[DATASET]
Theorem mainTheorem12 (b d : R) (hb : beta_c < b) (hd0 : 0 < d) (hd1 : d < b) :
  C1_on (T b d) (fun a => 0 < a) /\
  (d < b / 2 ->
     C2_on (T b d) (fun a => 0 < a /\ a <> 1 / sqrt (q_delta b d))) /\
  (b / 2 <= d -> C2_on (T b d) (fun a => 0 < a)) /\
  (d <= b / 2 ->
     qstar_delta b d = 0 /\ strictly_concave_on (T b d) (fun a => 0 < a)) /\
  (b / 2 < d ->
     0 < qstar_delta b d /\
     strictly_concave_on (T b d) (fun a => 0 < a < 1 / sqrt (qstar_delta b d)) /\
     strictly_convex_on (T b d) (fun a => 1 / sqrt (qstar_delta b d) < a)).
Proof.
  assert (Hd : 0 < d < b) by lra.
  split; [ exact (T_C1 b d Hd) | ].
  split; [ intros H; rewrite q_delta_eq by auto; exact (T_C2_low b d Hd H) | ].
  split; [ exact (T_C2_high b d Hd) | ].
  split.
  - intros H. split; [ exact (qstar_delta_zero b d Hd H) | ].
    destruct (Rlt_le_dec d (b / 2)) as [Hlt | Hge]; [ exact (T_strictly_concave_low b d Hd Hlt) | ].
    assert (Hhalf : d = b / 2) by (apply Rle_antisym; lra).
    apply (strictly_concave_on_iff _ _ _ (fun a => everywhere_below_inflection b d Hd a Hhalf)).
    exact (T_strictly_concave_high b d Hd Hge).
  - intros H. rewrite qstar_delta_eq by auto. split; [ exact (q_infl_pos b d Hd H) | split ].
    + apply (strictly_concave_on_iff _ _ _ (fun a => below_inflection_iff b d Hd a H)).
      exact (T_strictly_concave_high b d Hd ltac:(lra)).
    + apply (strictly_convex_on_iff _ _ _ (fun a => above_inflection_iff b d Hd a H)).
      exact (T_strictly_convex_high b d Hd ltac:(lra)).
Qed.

--

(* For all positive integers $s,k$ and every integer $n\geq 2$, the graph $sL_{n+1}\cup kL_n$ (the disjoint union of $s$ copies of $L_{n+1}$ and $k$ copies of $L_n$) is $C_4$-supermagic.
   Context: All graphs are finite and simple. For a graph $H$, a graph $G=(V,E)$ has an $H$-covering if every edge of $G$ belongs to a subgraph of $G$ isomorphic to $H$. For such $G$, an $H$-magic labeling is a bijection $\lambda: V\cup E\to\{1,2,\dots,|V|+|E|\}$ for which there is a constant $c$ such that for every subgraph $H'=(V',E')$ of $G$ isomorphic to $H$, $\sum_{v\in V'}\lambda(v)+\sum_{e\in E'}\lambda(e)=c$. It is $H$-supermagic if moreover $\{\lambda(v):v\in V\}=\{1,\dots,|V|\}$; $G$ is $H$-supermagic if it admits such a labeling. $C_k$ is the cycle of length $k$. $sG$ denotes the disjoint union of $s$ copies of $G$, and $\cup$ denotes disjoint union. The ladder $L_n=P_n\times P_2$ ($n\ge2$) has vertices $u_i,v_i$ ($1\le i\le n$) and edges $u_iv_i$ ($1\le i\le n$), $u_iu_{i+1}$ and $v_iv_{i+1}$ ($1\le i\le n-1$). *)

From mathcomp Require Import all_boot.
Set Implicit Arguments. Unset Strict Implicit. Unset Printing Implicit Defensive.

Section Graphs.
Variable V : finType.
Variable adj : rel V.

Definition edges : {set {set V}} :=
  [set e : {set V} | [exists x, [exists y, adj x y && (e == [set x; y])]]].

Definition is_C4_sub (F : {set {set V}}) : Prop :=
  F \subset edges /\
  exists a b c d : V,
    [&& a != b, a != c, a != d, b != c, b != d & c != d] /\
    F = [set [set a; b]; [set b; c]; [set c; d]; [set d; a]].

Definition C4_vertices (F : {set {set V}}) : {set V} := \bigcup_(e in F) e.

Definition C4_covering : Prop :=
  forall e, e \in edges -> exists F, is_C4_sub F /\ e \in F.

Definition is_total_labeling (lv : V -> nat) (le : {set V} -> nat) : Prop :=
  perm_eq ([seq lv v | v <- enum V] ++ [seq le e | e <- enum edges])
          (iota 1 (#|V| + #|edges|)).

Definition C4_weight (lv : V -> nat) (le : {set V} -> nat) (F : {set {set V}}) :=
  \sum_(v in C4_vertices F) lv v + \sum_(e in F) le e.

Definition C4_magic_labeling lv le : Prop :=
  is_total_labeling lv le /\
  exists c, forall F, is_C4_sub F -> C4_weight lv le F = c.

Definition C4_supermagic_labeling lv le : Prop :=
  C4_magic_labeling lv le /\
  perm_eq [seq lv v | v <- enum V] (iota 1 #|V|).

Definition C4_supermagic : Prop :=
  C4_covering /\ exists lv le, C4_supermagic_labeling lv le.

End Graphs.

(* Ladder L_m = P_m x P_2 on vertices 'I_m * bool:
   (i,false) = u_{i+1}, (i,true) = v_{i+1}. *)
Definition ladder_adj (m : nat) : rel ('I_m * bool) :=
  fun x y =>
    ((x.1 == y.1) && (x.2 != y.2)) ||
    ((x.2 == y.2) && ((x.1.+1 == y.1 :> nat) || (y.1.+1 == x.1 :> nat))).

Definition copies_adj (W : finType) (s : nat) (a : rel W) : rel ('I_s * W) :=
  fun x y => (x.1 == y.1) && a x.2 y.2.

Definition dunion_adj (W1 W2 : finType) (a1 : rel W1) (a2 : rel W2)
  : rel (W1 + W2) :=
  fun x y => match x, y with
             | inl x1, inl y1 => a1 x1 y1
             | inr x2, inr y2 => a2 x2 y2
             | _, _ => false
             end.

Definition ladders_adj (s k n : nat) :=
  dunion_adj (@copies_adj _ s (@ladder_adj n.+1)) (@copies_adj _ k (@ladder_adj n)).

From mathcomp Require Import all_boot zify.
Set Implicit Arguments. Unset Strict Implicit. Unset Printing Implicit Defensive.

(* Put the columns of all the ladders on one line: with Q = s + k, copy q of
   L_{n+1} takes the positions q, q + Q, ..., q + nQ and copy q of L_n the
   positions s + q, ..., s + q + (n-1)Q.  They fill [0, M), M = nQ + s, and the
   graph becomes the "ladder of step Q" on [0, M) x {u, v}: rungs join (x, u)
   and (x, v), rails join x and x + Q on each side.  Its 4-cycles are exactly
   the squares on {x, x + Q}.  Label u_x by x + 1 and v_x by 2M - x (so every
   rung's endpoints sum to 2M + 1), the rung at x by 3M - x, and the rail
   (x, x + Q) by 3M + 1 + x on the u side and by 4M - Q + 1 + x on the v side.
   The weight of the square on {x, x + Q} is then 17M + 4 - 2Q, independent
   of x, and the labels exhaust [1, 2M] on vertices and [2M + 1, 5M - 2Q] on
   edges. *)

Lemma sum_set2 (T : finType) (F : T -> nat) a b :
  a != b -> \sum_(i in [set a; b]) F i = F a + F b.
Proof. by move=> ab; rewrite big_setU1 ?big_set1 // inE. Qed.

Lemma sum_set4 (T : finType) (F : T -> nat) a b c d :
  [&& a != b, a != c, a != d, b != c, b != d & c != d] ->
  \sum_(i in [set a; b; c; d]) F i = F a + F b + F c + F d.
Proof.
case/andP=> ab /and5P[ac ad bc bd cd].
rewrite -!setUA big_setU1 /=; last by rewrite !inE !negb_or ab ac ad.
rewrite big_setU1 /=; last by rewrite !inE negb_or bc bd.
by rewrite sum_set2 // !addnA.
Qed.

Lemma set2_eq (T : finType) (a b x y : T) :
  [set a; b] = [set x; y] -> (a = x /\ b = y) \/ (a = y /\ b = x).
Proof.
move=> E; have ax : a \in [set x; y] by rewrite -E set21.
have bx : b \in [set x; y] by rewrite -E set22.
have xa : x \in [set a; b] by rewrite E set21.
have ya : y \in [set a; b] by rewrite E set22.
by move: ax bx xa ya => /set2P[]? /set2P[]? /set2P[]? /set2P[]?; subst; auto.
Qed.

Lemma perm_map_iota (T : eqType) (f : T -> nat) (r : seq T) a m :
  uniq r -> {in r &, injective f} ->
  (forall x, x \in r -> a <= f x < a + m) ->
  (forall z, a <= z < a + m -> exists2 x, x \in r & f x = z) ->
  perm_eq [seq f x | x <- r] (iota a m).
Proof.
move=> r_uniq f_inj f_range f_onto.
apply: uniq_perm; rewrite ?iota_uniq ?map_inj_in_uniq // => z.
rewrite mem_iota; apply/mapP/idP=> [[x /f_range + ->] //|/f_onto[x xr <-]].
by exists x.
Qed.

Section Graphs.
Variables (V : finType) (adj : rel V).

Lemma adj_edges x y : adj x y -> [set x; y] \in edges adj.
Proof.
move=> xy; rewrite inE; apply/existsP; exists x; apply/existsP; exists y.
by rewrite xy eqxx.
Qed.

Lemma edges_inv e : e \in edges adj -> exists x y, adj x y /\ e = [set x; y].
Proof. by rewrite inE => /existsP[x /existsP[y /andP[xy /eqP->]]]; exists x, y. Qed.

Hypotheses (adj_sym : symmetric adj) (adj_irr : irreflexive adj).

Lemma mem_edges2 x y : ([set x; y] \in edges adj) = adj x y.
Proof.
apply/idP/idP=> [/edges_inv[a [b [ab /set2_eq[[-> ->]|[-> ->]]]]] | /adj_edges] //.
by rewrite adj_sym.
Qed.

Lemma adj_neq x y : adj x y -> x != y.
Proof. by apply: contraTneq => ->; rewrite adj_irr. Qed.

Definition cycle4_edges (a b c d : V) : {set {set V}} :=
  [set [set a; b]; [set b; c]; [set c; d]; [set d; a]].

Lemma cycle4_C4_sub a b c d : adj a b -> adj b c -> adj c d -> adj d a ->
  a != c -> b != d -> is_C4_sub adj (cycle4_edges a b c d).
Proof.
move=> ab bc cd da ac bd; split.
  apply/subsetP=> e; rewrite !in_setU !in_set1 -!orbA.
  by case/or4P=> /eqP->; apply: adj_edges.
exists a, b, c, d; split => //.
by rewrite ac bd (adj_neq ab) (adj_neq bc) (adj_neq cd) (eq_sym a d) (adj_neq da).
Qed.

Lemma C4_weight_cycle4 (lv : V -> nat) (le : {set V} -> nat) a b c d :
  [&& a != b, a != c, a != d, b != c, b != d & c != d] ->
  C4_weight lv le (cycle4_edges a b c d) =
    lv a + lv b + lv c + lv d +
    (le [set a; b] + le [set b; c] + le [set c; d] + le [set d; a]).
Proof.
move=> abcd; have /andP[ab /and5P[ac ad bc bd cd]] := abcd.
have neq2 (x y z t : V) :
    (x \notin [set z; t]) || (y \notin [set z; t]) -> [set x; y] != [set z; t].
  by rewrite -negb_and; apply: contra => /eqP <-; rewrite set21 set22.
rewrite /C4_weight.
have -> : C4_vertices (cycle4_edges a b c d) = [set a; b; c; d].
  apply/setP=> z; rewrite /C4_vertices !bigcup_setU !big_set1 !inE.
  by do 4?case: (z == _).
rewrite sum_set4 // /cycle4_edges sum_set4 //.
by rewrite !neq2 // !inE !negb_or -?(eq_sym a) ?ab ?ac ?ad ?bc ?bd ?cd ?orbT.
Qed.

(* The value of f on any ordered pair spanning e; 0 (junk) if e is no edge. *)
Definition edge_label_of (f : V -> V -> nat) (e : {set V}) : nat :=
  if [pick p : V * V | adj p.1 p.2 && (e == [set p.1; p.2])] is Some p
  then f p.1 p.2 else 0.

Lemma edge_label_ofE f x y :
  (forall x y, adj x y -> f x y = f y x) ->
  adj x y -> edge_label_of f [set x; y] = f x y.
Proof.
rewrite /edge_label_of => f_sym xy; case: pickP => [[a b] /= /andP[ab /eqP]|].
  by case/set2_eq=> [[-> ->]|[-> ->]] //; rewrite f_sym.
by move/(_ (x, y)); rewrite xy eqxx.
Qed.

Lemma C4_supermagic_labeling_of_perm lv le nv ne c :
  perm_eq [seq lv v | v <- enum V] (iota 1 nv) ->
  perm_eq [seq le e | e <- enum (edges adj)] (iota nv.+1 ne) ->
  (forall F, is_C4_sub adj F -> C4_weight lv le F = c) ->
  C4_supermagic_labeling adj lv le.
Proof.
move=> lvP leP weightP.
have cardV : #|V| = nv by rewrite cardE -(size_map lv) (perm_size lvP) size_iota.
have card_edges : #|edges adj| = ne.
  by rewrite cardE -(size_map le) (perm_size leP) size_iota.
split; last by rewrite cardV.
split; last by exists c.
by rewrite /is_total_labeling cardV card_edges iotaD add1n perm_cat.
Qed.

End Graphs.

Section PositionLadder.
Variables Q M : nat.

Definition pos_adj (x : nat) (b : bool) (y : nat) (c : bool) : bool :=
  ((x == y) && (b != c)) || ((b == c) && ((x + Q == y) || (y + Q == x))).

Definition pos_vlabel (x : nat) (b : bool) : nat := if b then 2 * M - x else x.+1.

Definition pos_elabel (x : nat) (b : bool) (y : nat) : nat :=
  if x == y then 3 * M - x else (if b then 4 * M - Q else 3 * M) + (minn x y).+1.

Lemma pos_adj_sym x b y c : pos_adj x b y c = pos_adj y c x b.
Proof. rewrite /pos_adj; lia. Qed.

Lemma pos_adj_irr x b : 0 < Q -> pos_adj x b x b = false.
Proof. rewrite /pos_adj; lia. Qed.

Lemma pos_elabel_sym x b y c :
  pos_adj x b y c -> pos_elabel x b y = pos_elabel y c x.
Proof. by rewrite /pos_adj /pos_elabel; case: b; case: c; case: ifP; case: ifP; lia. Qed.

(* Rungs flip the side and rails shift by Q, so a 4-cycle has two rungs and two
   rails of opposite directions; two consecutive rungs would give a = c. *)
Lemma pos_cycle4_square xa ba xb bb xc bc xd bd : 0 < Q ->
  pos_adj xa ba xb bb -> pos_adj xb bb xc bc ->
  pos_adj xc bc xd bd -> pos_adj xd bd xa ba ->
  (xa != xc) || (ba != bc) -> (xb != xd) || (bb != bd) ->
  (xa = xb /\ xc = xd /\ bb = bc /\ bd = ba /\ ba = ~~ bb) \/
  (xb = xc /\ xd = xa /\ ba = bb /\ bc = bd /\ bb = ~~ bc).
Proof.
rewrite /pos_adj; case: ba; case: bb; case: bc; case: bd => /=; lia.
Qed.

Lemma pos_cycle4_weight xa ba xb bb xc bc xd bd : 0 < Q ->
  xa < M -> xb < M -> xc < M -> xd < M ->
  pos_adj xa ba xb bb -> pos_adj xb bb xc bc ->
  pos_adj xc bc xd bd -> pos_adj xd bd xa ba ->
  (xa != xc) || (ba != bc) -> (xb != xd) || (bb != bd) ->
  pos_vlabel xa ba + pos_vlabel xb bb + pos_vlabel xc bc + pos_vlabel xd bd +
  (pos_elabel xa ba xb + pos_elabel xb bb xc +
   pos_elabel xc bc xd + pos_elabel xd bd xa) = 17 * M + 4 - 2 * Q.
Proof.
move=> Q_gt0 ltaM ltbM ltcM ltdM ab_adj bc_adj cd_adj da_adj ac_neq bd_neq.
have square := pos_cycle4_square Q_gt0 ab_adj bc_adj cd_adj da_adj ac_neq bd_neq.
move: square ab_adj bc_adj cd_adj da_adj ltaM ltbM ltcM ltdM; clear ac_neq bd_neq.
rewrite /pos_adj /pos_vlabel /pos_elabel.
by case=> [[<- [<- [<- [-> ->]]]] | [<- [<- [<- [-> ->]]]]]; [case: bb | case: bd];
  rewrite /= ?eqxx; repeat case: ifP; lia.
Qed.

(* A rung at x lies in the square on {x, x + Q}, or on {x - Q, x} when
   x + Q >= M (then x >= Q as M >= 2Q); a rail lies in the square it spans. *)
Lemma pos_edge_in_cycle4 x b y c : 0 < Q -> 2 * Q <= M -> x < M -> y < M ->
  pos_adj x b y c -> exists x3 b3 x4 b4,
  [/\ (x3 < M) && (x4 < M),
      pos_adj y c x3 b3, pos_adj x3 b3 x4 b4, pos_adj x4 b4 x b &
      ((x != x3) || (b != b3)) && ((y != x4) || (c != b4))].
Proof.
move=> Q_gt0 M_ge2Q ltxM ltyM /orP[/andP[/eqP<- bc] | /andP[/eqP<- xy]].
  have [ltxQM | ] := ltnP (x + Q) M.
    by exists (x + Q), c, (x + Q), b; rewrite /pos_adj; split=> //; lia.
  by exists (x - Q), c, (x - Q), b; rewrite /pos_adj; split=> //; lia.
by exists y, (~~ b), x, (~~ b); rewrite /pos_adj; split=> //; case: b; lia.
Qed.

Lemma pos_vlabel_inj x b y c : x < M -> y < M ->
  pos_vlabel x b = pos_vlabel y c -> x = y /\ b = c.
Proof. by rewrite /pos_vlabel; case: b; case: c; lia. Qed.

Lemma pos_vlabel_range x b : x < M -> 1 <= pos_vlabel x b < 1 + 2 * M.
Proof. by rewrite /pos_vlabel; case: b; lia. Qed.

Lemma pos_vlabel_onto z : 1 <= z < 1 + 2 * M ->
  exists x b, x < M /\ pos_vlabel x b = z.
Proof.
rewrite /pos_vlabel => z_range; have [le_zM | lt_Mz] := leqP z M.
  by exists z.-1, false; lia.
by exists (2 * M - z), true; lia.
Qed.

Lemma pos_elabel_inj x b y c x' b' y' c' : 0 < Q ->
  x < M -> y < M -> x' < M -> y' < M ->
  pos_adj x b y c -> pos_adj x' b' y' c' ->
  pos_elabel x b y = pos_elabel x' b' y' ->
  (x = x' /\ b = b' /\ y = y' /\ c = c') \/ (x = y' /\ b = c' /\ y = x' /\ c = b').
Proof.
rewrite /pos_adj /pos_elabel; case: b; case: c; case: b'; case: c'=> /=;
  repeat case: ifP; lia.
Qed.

[THE PROBLEM] For each line above that contains the word "else", copy that line.

[EXERCISE SOLUTION]
  then f p.1 p.2 else 0.
Definition pos_vlabel (x : nat) (b : bool) : nat := if b then 2 * M - x else x.+1.
  if x == y then 3 * M - x else (if b then 4 * M - Q else 3 * M) + (minn x y).+1.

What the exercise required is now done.